Время – деньги. Автобиография — страница 38 из 39

Капитан сказал, что раньше оно делало тринадцать узлов, другими словами, тринадцать миль в час. Среди наших пассажиров был некий капитан Кеннеди из военного флота, тот стал уверять, что этого не может быть, что ни один корабль еще не развивал такой скорости и, видимо, была допущена ошибка при разметке лаглиня или при бросании лага. Капитаны побились об заклад, отложив решение до того времени, когда ветер будет достаточно сильный. Кеннеди придирчиво проверил лаглинь и, убедившись, что он размечен правильно, решил сам бросить лаг. И вот спустя несколько дней, когда ветер дул попутный и свежий, и капитан пакетбота Ладвидж сказал, что, по его мнению, мы делаем тринадцать узлов, Кеннеди бросил лаг и признал себя побежденным.
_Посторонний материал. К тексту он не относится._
(* Let $\Gamma$ be a strongly connected digraph on $[n]$, let $S=S(\Gamma)$ be its total sandpile group, and let $S_i=S_i(\Gamma)$ for $i\in[n]$ be its sandpile groups at the vertices. Then: (1) for every $i$ there is a (canonical) surjection $S_i\to S$; (2) $|S|=\gcd\{|S_i|: i\in[n]\}$; (3) if $G$ is a finite abelian group such that for every $i\in[n]$ there is a surjection $S_i\to G$, then there is a surjection $S\to G$.
   Context: Digraphs may have multiple edges (and loops). $\deg(i,j)$ is the number of edges from $i$ to $j$, and $\mathrm{outdeg}(i)$ is the number of edges leaving $i$. A digraph is strongly connected if there is a directed path from every vertex to every other vertex. The Laplacian $L$ is the $n\times n$ integer matrix with $L_{ij}=-\deg(j,i)$ for $i\ne j$ and $L_{jj}=\mathrm{outdeg}(j)-\deg(j,j)$, so its columns sum to $0$. $L_i$ is the $(n-1)\times(n-1)$ matrix obtained from $L$ by deleting row $i$ and column $i$. The sandpile group at vertex $i$ is $S_i(\Gamma)=\mathbb{Z}^{n-1}/L_i\mathbb{Z}^{n-1}$; it is finite when $\Gamma$ is strongly connected. The total sandpile group is $S(\Gamma)=\mathbb{Z}^n_0/L\mathbb{Z}^n$, where $\mathbb{Z}^n_0$ is the subgroup of $\mathbb{Z}^n$ of vectors with entry sum $0$. *)

From HB Require Import structures.
From mathcomp Require Import all_boot all_order all_algebra.
Set Implicit Arguments. Unset Strict Implicit. Unset Printing Implicit Defensive.
Import GRing.Theory.
Local Open Scope ring_scope.
Lemma deriv_within_continuous_on f' :
  (forall x, a <= x <= b -> deriv_within a b f x (f' x)) -> continuous_on a b f.
Proof.
  intros Hf x Hx eps Heps.
  destruct (Hf x Hx) as [_ Hl].
  destruct (Hl 1 Rlt_0_1) as [alp [Halp Hq]].
  set (K := Rabs (f' x) + 1).
  assert (HK : 0 < K) by (pose proof (Rabs_pos (f' x)); unfold K; lra).
  exists (Rmin alp (eps / K)); split.
  { apply Rmin_glb_lt; [exact Halp | now apply Rdiv_lt_0_compat]. }
  intros y [Hy Hyx]; simpl in *; unfold R_dist in *.
  destruct (Req_dec y x) as [->|Hne]; [now rewrite Rminus_diag, Rabs_R0|].
  assert (Hq1 := Hq y (conj (conj Hy Hne) (Rlt_le_trans _ _ _ Hyx (Rmin_l _ _)))).
  simpl in Hq1; unfold R_dist in Hq1.
  assert (Hquot : Rabs ((f y - f x) / (y - x)) <= K).
  { pose proof (Rabs_triang_inv ((f y - f x) / (y - x)) (f' x)); unfold K; lra. }
  assert (Hsmall : Rabs (y - x) < eps / K) by exact (Rlt_le_trans _ _ _ Hyx (Rmin_r _ _)).
  replace (f y - f x) with ((f y - f x) / (y - x) * (y - x)) by (field; lra).
  rewrite Rabs_mult.
  apply Rle_lt_trans with (K * Rabs (y - x)).
  { apply Rmult_le_compat_r; [apply Rabs_pos | exact Hquot]. }
  replace eps with (K * (eps / K)) by (field; lra).
  now apply Rmult_lt_compat_l.
Qed.

Lemma deriv_within_interior x l : deriv_within a b f x l -> a < x < b ->
  derivable_pt_lim f x l.
Proof.
  intros [_ Hl] Hx eps Heps.
  destruct (Hl eps Heps) as [alp [Halp Hq]].
  assert (Hdel : 0 < Rmin alp (Rmin (x - a) (b - x))) by (repeat apply Rmin_glb_lt; lra).
  exists (mkposreal _ Hdel); intros h Hh0 Hh; simpl in Hh.
  pose proof (Rmin_l alp (Rmin (x - a) (b - x))); pose proof (Rmin_r alp (Rmin (x - a) (b - x))).
  pose proof (Rmin_l (x - a) (b - x)); pose proof (Rmin_r (x - a) (b - x)).
  assert (Hxh : a <= x + h <= b) by (unfold Rabs in Hh; destruct Rcase_abs; lra).
  assert (Hq1 := Hq (x + h)); simpl in Hq1; unfold R_dist in Hq1.
  replace (x + h - x) with h in Hq1 by ring.
  apply Hq1; repeat split; try lra.
Qed.

Lemma deriv_within_minus g x l l' : deriv_within a b f x l -> deriv_within a b g x l' ->
  deriv_within a b (fun y => f y - g y) x (l - l').
Proof.
  intros [Hx Hl] [_ Hl']; split; [exact Hx|].
  replace (fun y => (f y - g y - (f x - g x)) / (y - x)) with
    (fun y => (f y - f x) / (y - x) - (g y - g x) / (y - x)).
  - now apply limit_minus.
  - apply functional_extensionality; intro y; unfold Rdiv; ring.
Qed.

Lemma deriv_within_right_end_le x0 l B : a <= x0 < b -> deriv_within a b f b l ->
  (forall y, x0 < y < b -> (f y - f b) / (y - b) <= B) -> l <= B.
Proof.
  intros Hx0 [_ Hl] HB.
  destruct (Rle_lt_dec l B) as [|Hlt]; [assumption|exfalso].
  destruct (Hl (l - B) ltac:(lra)) as [alp [Halp Hq]].
  set (y := Rmax ((x0 + b) / 2) (b - alp / 2)).
  assert (Hy : x0 < y < b /\ b - y < alp) by (unfold y, Rmax; destruct Rle_dec; lra).
  assert (Hq1 := Hq y); simpl in Hq1; unfold R_dist in Hq1.
  assert (Hclose : Rabs ((f y - f b) / (y - b) - l) < l - B).
  { apply Hq1; repeat split; try lra. rewrite Rabs_minus_sym, Rabs_right; lra. }
  assert (Hy' := HB y (proj1 Hy)).
  unfold Rabs in Hclose; destruct Rcase_abs; lra.
Qed.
Я рассказал этот случай для того, чтобы поделиться нижеследующим наблюдением. Один из недостатков в искусстве судостроения иногда усматривают в том, что с новым кораблем, пока его не испробуешь, никогда не известно, каков он будет на ходу; бывает, что новый корабль, построенный точно по образцу другого, хорошо себя показавшего, оказывается на редкость тихоходным. Я думаю, что отчасти это объясняется несходными мнениями разных моряков касательно того, как следует грузить и оснащать корабль и как им управлять. У каждого есть своя система, и одно и то же судно, нагруженное по разумению и под руководством одного капитана, будет двигаться лучше или хуже, чем под руководством другого. Кроме того, почти никогда не бывает так, чтобы один и тот же человек набирал команду, готовил судно к плаванию и управлял им в пути. Один строит корпус корабля, другой его оснащает, третий грузит и ведет. Ни один из них не может быть осведомлен о соображениях и опыте всех остальных, а следственно, не может и сделать из них правильных выводов.
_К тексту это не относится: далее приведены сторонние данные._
Lemma EJRp_Theta : one_minus_exp_neg_Theta_n R
  (fun n => PrIC R n m p (fun P : profile n m => EJRp n m k P = committees m k)).
Proof.
have IC_ge0 := IC_ge0 R m p (ltW p_gt0) (ltW p_lt1).
apply: (one_minus_exp_neg_Theta_n_of_cover p_gt0 p_lt1 a0).
- exact: unanimous_a0_not_EJRp.
- exact: EJR_blocked_cover.
move=> [[W a] l]; apply: (geom_bounded_iid_guard _ IC_ge0) => -[Wk aW l_gt0].
apply: (geom_bounded_nsat_tail _ IC_ge0 (sum_IC R m p) _ _ _ k_gt0).
exact: ejr_deviator_mass_lt IC_ge0 (sum_IC R m p) (IC_perm R m p) _ _ _ _ Wk aW l_gt0.
Qed.

End CoreAndEJR.

Theorem corollary3 (R : realType) (m k : nat) (p : R) :
  (0 < k)%N -> (k < m)%N -> 0 < p -> p < 1 ->
  one_minus_exp_neg_Theta_n R
    (fun n => PrIC R n m p (fun P : profile n m => CORE n m k P = committees m k)) /\
  one_minus_exp_neg_Theta_n R
    (fun n => PrIC R n m p (fun P : profile n m => EJRp n m k P = committees m k)).
Proof.
move=> k_gt0 k_lt_m p_gt0 p_lt1.
by split; [exact: CORE_Theta | exact: EJRp_Theta].
Qed.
Даже в пути, где все проще, потому что корабль нужно только вести вперед, я часто замечал, как два офицера, командуя смежными вахтами при одинаковом ветре, придерживаются различной тактики. Один приказывает идти круче к ветру, другой придерживается более полого, словно общих правил для этого и не существует. А мне сдается, что можно разработать ряд опытов, чтобы определить, во-первых, форму корпуса, наилучшую для быстрого хода, во-вторых, наилучшую высоту и расположение мачт, затем форму и число парусов в зависимости от ветра и наконец – порядок размещения груза. Я не сомневаюсь, что в ближайшем будущем какой-нибудь ученый искусник возьмется за эту работу, и от души желаю ему удачи.
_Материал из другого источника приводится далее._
Lemma at_most_zerosM (P1 P2 : polyan R) k1 k2 :
  at_most_zeros P1 k1 -> at_most_zeros P2 k2 -> at_most_zeros (P1 * P2) (k1 + k2).
Proof.
move=> h1 h2 s us zs; pose root1 z := peval P1 z == 0.
rewrite -(count_predC root1) -!size_filter; apply: leq_add.
  by apply: h1 => [|z]; [exact: filter_uniq | rewrite mem_filter => /andP[/eqP]].
apply: h2 => [|z]; first exact: filter_uniq.
rewrite mem_filter => /andP[/negPf nz1 /zs]; rewrite /pzero pevalM => /eqP.
by rewrite mulf_eq0 [_ == 0]nz1 => /eqP.
Qed.

Lemma exactly_zeros_le (F : polyan R) m k :
  exactly_zeros F m -> at_most_zeros F k -> (m <= k)%N.
Proof. by case=> s [us <- zs] /(_ s us (fun z => (zs z).1)). Qed.

Lemma zleading_irreducible F n :
  zleading F n -> exactly_zeros F (n ^ 2) -> pirreducible F.
Proof.
move=> hF zs [P1 [P2 [d1 d2 eF]]]; move: hF zs; rewrite eF => hF zs.
have h1 := zleading_factor hF.
have h2 : zleading P2 (pdeg P2) by rewrite mulrC in hF; exact: zleading_factor hF.
have s1 := zleading_msize h1; have s2 := zleading_msize h2.
have nz1 : P1 != 0 by rewrite -msize_poly_eq0 s1.
have nz2 : P2 != 0 by rewrite -msize_poly_eq0 s2.
have n12 : n = (pdeg P1 + pdeg P2)%N.
  by apply: succn_inj; rewrite -(zleading_msize hF) msizeM // s1 s2 addSn addnS.
have := exactly_zeros_le zs
  (at_most_zerosM (zleading_at_most_zeros h1) (zleading_at_most_zeros h2)).
by rewrite n12; move: d1 d2; rewrite /pdeg; nia.
Qed.

Lemma zleading_an_conjan (p q : {poly C}) :
  (size q < size p)%N -> zleading (an_of p + conjan_of q) (size p).-1.
Proof.
move=> qp; set n := (size p).-1.
have sp : size p = n.+1 by rewrite prednK // (leq_ltn_trans _ qp).
exists (lead_coef p); first by rewrite lead_coef_eq0 -size_poly_gt0 sp.
rewrite /an_of sp big_ord_recr /= lead_coefE sp addrAC addrK.
apply: leq_trans (msizeD_le _ _) _; rewrite geq_max.
apply/andP; split; apply: leq_trans (msize_sum _ _ _) _; apply/bigmax_leqP => j _.
  exact: leq_trans (msize_ZXn _ _ _) (ltn_ord j).
by apply: leq_trans (msize_ZXn _ _ _) _; have := ltn_ord j; lia.
Qed.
Несколько раз за нами гнались какие-то суда, но мы уходили от погони и через тридцать дней смогли промерить глубину лотом. Результаты нас обнадежили, и капитан решил, что мы так близко от Фалмута, куда держим путь, что, если ночью не замедлим хода, к утру уже войдем в эту гавань и к тому же не попадемся на глаза неприятельским каперам, постоянно рыщущим у входа в Ла-Манш. И вот были подняты все паруса, и мы, подгоняемые свежим попутным ветром, помчались стрелой. Капитан, сделав промер, рассчитал курс так, чтобы, как он думал, пройти достаточно далеко от островов Силли, но в проливе Святого Георгия иногда возникает сильное течение, которое обманывает моряков и привело к гибели эскадры сэра Клаудсли Шовела. Это-то течение, вероятно, и повинно в том, что случилось с нами.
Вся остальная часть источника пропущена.